The answer should be each line from the entries below that has the word "ClassicalEpsilon" in it.

Saved data entries
· · ·

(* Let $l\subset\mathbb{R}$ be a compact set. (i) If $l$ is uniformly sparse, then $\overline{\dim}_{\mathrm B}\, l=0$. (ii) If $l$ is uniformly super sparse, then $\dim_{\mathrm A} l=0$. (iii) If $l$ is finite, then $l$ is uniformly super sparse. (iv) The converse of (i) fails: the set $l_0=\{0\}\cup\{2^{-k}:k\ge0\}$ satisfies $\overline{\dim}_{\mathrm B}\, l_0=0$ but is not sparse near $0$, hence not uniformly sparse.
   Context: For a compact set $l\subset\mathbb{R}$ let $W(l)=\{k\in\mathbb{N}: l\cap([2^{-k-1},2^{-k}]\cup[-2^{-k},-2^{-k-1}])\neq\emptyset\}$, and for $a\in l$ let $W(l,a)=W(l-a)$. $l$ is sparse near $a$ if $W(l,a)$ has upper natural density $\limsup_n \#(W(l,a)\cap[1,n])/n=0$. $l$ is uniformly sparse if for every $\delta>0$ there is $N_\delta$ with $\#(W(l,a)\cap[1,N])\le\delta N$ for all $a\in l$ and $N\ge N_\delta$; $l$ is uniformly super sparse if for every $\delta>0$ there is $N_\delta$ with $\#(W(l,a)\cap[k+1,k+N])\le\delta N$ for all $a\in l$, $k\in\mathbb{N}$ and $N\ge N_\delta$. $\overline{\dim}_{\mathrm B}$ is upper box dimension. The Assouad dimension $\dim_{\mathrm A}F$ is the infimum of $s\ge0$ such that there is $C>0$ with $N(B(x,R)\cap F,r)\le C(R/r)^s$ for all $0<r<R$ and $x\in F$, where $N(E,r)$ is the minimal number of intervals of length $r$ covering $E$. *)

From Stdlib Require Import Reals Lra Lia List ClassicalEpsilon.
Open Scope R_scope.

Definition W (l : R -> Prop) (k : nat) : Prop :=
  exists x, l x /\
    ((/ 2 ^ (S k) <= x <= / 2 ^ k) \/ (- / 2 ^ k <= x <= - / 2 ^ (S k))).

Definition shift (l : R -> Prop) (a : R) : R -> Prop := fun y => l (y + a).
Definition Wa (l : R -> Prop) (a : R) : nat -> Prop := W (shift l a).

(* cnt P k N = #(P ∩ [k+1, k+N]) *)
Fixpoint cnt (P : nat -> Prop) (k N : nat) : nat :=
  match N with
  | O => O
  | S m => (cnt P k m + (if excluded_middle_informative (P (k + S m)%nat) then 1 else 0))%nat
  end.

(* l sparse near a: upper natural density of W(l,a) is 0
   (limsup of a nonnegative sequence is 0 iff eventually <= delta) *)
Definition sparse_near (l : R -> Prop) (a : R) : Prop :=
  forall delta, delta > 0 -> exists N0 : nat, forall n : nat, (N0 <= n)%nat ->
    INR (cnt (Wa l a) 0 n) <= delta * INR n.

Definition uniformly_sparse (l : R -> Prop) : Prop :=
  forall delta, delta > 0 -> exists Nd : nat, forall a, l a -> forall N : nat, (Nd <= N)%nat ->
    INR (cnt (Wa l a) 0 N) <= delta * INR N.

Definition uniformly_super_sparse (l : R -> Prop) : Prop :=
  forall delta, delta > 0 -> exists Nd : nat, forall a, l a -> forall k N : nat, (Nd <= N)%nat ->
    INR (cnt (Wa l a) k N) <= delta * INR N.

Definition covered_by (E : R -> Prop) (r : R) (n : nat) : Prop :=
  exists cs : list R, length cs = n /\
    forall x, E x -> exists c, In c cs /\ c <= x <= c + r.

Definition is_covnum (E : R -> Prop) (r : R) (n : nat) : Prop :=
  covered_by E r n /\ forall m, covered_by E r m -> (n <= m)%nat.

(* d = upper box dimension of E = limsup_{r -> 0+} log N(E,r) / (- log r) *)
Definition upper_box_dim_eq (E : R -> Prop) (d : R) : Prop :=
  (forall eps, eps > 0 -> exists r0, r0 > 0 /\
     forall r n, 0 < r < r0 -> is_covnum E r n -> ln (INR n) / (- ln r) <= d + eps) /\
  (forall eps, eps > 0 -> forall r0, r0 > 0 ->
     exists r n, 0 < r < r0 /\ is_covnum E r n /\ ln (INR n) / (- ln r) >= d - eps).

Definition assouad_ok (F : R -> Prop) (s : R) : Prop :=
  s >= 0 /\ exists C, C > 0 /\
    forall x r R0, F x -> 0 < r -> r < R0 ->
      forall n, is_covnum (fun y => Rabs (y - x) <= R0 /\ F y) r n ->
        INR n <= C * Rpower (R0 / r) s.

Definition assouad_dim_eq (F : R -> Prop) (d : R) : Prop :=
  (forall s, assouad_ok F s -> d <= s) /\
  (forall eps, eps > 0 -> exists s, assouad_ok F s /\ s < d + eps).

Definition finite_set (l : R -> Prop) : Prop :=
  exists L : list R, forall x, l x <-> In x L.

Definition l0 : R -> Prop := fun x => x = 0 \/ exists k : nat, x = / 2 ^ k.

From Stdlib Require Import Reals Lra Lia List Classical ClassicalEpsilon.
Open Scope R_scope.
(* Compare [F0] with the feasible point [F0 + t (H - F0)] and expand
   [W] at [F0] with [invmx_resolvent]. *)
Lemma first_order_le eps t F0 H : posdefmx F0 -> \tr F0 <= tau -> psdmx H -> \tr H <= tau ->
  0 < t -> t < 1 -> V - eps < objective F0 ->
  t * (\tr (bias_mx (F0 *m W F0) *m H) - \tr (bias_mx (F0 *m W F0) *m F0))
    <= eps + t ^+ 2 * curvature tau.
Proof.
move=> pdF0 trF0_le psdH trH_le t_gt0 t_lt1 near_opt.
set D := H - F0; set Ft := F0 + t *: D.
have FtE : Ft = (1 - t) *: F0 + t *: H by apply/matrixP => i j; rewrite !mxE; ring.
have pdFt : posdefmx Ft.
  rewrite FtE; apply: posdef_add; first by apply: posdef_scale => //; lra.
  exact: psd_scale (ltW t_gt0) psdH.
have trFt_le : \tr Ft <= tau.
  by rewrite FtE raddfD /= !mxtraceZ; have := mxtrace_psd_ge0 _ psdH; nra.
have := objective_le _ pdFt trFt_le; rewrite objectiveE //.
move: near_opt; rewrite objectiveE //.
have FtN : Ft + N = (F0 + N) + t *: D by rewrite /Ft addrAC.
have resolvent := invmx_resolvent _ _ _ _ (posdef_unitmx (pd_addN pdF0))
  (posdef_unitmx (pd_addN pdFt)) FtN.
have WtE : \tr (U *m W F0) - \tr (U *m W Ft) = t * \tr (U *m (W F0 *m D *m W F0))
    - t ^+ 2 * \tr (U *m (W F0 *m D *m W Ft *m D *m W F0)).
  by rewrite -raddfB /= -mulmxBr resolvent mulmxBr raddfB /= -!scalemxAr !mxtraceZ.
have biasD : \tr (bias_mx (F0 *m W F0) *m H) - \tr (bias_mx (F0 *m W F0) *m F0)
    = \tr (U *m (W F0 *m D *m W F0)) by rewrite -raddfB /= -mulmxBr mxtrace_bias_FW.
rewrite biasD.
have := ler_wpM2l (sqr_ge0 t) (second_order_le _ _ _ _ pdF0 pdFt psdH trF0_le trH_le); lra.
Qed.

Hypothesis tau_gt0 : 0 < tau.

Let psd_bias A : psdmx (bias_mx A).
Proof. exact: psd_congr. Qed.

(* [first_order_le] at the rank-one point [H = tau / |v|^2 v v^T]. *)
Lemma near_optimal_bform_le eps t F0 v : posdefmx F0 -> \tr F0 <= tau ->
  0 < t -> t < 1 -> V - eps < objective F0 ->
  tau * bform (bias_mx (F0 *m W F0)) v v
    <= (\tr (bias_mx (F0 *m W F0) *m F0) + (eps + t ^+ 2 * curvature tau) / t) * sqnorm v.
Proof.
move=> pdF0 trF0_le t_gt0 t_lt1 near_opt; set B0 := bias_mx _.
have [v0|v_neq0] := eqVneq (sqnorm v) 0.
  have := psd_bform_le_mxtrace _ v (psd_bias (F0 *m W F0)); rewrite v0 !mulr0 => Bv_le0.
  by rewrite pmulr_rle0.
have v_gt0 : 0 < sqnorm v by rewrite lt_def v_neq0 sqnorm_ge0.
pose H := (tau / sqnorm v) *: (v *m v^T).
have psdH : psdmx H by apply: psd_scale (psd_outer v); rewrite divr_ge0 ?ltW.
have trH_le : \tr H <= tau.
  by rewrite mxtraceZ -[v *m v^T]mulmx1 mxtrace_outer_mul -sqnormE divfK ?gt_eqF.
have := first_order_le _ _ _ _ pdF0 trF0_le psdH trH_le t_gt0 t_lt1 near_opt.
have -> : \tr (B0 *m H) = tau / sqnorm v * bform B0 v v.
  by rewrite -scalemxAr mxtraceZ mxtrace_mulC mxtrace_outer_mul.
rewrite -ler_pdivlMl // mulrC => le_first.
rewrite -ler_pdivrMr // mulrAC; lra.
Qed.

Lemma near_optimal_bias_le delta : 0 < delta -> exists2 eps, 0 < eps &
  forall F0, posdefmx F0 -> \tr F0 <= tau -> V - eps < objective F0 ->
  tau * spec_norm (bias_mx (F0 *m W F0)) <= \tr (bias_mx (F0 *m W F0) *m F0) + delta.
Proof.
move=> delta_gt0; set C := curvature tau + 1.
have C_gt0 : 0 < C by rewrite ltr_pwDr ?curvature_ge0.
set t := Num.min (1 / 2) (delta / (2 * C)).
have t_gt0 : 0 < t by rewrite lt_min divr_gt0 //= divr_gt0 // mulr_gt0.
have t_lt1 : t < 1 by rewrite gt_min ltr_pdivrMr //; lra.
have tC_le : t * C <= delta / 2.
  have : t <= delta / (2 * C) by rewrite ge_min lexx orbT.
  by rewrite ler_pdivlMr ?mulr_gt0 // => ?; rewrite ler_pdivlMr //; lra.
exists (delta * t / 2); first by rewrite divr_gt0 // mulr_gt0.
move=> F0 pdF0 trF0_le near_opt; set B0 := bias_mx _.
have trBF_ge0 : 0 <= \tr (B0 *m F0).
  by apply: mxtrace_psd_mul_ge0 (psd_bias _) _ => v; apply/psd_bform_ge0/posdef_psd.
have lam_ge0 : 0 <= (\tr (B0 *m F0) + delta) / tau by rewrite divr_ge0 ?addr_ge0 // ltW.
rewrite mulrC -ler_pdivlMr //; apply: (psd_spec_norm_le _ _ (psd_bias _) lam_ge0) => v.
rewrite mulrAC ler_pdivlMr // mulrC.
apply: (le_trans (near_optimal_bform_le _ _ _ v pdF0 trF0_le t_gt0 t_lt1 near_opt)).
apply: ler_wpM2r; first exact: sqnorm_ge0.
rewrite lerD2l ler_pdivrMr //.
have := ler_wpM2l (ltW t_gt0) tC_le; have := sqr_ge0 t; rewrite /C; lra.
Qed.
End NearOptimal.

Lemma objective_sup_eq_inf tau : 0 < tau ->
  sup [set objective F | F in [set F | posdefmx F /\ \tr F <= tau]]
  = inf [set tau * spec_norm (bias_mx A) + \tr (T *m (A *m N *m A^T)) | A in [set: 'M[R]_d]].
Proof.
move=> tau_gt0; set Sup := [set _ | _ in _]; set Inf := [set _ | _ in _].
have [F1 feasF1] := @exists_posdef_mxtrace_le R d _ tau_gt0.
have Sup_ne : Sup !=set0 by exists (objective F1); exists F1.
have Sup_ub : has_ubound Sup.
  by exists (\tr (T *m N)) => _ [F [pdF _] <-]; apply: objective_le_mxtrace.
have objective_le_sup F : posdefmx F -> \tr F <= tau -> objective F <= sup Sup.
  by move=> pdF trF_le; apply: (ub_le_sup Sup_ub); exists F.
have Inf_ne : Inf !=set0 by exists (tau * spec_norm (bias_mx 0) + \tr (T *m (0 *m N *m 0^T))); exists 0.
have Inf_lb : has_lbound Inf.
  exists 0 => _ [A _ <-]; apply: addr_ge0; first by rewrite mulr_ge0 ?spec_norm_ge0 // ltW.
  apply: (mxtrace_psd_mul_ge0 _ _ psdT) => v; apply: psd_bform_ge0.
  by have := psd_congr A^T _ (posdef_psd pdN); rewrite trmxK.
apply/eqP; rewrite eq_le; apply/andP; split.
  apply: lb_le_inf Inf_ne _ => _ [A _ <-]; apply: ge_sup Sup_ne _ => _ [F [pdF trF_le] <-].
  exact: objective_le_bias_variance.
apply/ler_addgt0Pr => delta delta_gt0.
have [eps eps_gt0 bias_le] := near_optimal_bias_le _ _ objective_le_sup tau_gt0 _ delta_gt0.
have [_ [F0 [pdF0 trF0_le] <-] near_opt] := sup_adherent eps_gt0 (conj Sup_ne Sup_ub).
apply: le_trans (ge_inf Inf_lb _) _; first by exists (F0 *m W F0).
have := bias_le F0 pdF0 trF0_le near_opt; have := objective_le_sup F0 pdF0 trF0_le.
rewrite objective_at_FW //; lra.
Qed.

· · ·

## Written reply
From Stdlib Require Import Reals Lra Lia List ClassicalEpsilon.
From Stdlib Require Import Reals Lra Lia List Classical ClassicalEpsilon.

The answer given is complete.